Here are several examples:

In [20]:
# Create a length-10 integer array filled with zeros
np.zeros(10, dtype=int)

array([0, 0, 0, 0, 0, 0, 0, 0, 0, 0])

In [21]:
# Create a 3x5 floating-point array filled with ones
np.ones((3, 5), dtype=float)

array([[1., 1., 1., 1., 1.],
       [1., 1., 1., 1., 1.],
       [1., 1., 1., 1., 1.]])

In [22]:
# Create a 3x5 array filled with 3.14
np.full((3, 5), 3.14)

array([[3.14, 3.14, 3.14, 3.14, 3.14],
       [3.14, 3.14, 3.14, 3.14, 3.14],
       [3.14, 3.14, 3.14, 3.14, 3.14]])

In [23]:
# Create an array filled with a linear sequence
# Starting at 0, ending at 20, stepping by 2
# (this is similar to the built-in range() function)
np.arange(0, 20, 2)

array([ 0,  2,  4,  6,  8, 10, 12, 14, 16, 18])

In [24]:
# Create an array of five values evenly spaced, between 0 and 1
np.linspace(0, 1, 5)

array([0.  , 0.25, 0.5 , 0.75, 1.  ])

In [25]:
# Create a 3x3 array of uniformly distributed random values, between 0 and 1
np.random.random((3, 3))

array([[0.06253477, 0.36196913, 0.49807541],
       [0.3920686 , 0.6111534 , 0.40388863],
       [0.07751704, 0.63335595, 0.51501987]])

In [26]:
# Create a 3x3 array of normally distributed random values, with mean 0 and standard deviation 1
np.random.normal(0, 1, (3, 3))

array([[-1.21955594, -0.24483796,  0.03531857],
       [-0.96542248,  0.02339453, -1.53552933],
       [ 0.44853537,  1.52854889,  0.12850929]])

In [27]:
# Create a 3x3 array of random integers in the interval [0, 10)
np.random.randint(0, 10, (3, 3))

array([[8, 8, 9],
       [2, 3, 0],
       [2, 8, 3]])

In [28]:
# Create a 3x3 identity matrix
np.eye(3)

array([[1., 0., 0.],
       [0., 1., 0.],
       [0., 0., 1.]])

In [29]:
# Create an uninitialized array of three integers
# The values will be whatever happens to already exist at that memory location
np.empty(3)

array([1., 1., 1.])

## NumPy Standard Data Types

NumPy arrays contain values of a single type, so it is important to have detailed knowledge of those types and their limitations.
Because NumPy is built in C, the types will be familiar to users of C, Fortran, and other related languages.
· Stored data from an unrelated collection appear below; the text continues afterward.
(* Let $\alpha\in(0,1]$ and $a,b\in\mathbb{R}$ with $0\le a<b$. Let $f:[a,b]\to[0,\infty)$ and $g:[a,b]\to[0,1]$ be $\alpha$-fractional integrable on $[a,b]$, with $f$ decreasing. Let $$ \ell:=\frac{\alpha(b-a)}{b^\alpha-a^\alpha}\int_a^b g(t)\,d_\alpha t. $$ Then $$ \int_{b-\ell}^b f(t)\,d_\alpha t\le\int_a^b f(t)g(t)\,d_\alpha t\le\int_a^{a+\ell}f(t)\,d_\alpha t. $$
   Context: For $\alpha\in(0,1]$ and $0\le a<b$, $\int_a^b f(t)\,d_\alpha t:=\int_a^b f(t)\,t^{\alpha-1}\,dt$, and $f$ is called $\alpha$-fractional integrable on $[a,b]$ if this integral exists and is finite. *)

From HB Require Import structures.
From mathcomp Require Import all_boot all_order all_algebra.
From mathcomp Require Import all_classical all_reals all_analysis.
Set Implicit Arguments. Unset Strict Implicit. Unset Printing Implicit Defensive.
Import Order.TTheory GRing.Theory Num.Theory.
Import numFieldNormedType.Exports.
Local Open Scope classical_set_scope.
Local Open Scope ring_scope.

Definition frac_integrand {R : realType} (alpha : R) (f : R -> R) (t : R) : R :=
  f t * t `^ (alpha - 1).

Definition frac_integrable {R : realType} (alpha a b : R) (f : R -> R) : Prop :=
  (@lebesgue_measure R).-integrable `[a, b]
     (fun t => (frac_integrand alpha f t)%:E).

Definition frac_int {R : realType} (alpha a b : R) (f : R -> R) : R :=
  Rintegral (@lebesgue_measure R) `[a, b] (frac_integrand alpha f).

From HB Require Import structures.
From mathcomp Require Import all_boot all_order all_algebra.
From mathcomp Require Import all_classical all_reals all_analysis.
From mathcomp Require Import ring lra.
From mathcomp Require Import measurable_realfun.
Set Implicit Arguments. Unset Strict Implicit. Unset Printing Implicit Defensive.
Import Order.TTheory GRing.Theory Num.Theory.
Import numFieldNormedType.Exports.
Local Open Scope classical_set_scope.
Local Open Scope ring_scope.

(* A Steffensen inequality for the weight w t = t^(alpha-1).  Writing
   G = int_a^b g w, for f nonincreasing and c in [a, b] the integrand f g w
   dominates f w 1_[c,b] + f c (g w - w 1_[c,b]) pointwise, so
   int_c^b f w + f c (G - int_c^b w) <= int_a^b f g w, and symmetrically on
   [a, c].  Since int_x^y w = (y^alpha - x^alpha)/alpha, the concavity of
   t^alpha gives int_(b-l)^b w <= G <= int_a^(a+l) w for the length l of the
   statement, so the correction terms f c (...) have the right sign. *)

Section powR_facts.
Variable R : realType.
Implicit Types al p s t u v : R.

Lemma powR_derivable_oo_LRcontinuous al u v : 0 < al -> 0 <= u -> u < v ->
  derivable_oo_LRcontinuous (@powR R ^~ al) u v.
Proof.
move=> al0 u0 uv; split.
- move=> t; rewrite in_itv/= => /andP[ut _]; apply: derivable_powR.
  by rewrite in_itv/= andbT; exact: le_lt_trans u0 ut.
- move: u0; rewrite le_eqVlt => /predU1P[<-|u0].
    by rewrite powR0 ?gt_eqF//; exact: powR_cvg0.
  apply: cvg_at_right_filter.
  have := @derivable_powR R 1 al u; rewrite in_itv/= andbT => /(_ u0).
  by move/derivable1_diffP/differentiable_continuous.
- apply: cvg_at_left_filter.
  have := @derivable_powR R 1 al v; rewrite in_itv/= andbT.
  move=> /(_ (le_lt_trans u0 uv)).
  by move/derivable1_diffP/differentiable_continuous.
Qed.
The standard NumPy data types are listed in the following table.
Note that when constructing an array, they can be specified using a string:

```python
np.zeros(10, dtype='int16')
```

Or using the associated NumPy object:

```python
np.zeros(10, dtype=np.int16)
```

| Data type	    | Description |
|---------------|-------------|
| ``bool_``     | Boolean (True or False) stored as a byte |
| ``int_``      | Default integer type (same as C ``long``; normally either ``int64`` or ``int32``)| 
| ``intc``      | Identical to C ``int`` (normally ``int32`` or ``int64``)| 
| ``intp``      | Integer used for indexing (same as C ``ssize_t``; normally either ``int32`` or ``int64``)| 
| ``int8``      | Byte (-128 to 127)| 
| ``int16``     | Integer (-32768 to 32767)|
| ``int32``     | Integer (-2147483648 to 2147483647)|
| ``int64``     | Integer (-9223372036854775808 to 9223372036854775807)| 
| ``uint8``     | Unsigned integer (0 to 255)| 
| ``uint16``    | Unsigned integer (0 to 65535)| 
| ``uint32``    | Unsigned integer (0 to 4294967295)| 
| ``uint64``    | Unsigned integer (0 to 18446744073709551615)| 
| ``float_``    | Shorthand for ``float64``.| 
| ``float16``   | Half precision float: sign bit, 5 bits exponent, 10 bits mantissa| 
| ``float32``   | Single precision float: sign bit, 8 bits exponent, 23 bits mantissa| 
| ``float64``   | Double precision float: sign bit, 11 bits exponent, 52 bits mantissa| 
| ``complex_``  | Shorthand for ``complex128``.| 
| ``complex64`` | Complex number, represented by two 32-bit floats| 
| ``complex128``| Complex number, represented by two 64-bit floats| 

More advanced type specification is possible, such as specifying big or little endian numbers; for more information, refer to the [NumPy documentation](http://numpy.org/).
NumPy also supports compound data types, which will be covered later under the topic "Structured Data: NumPy's Structured Arrays".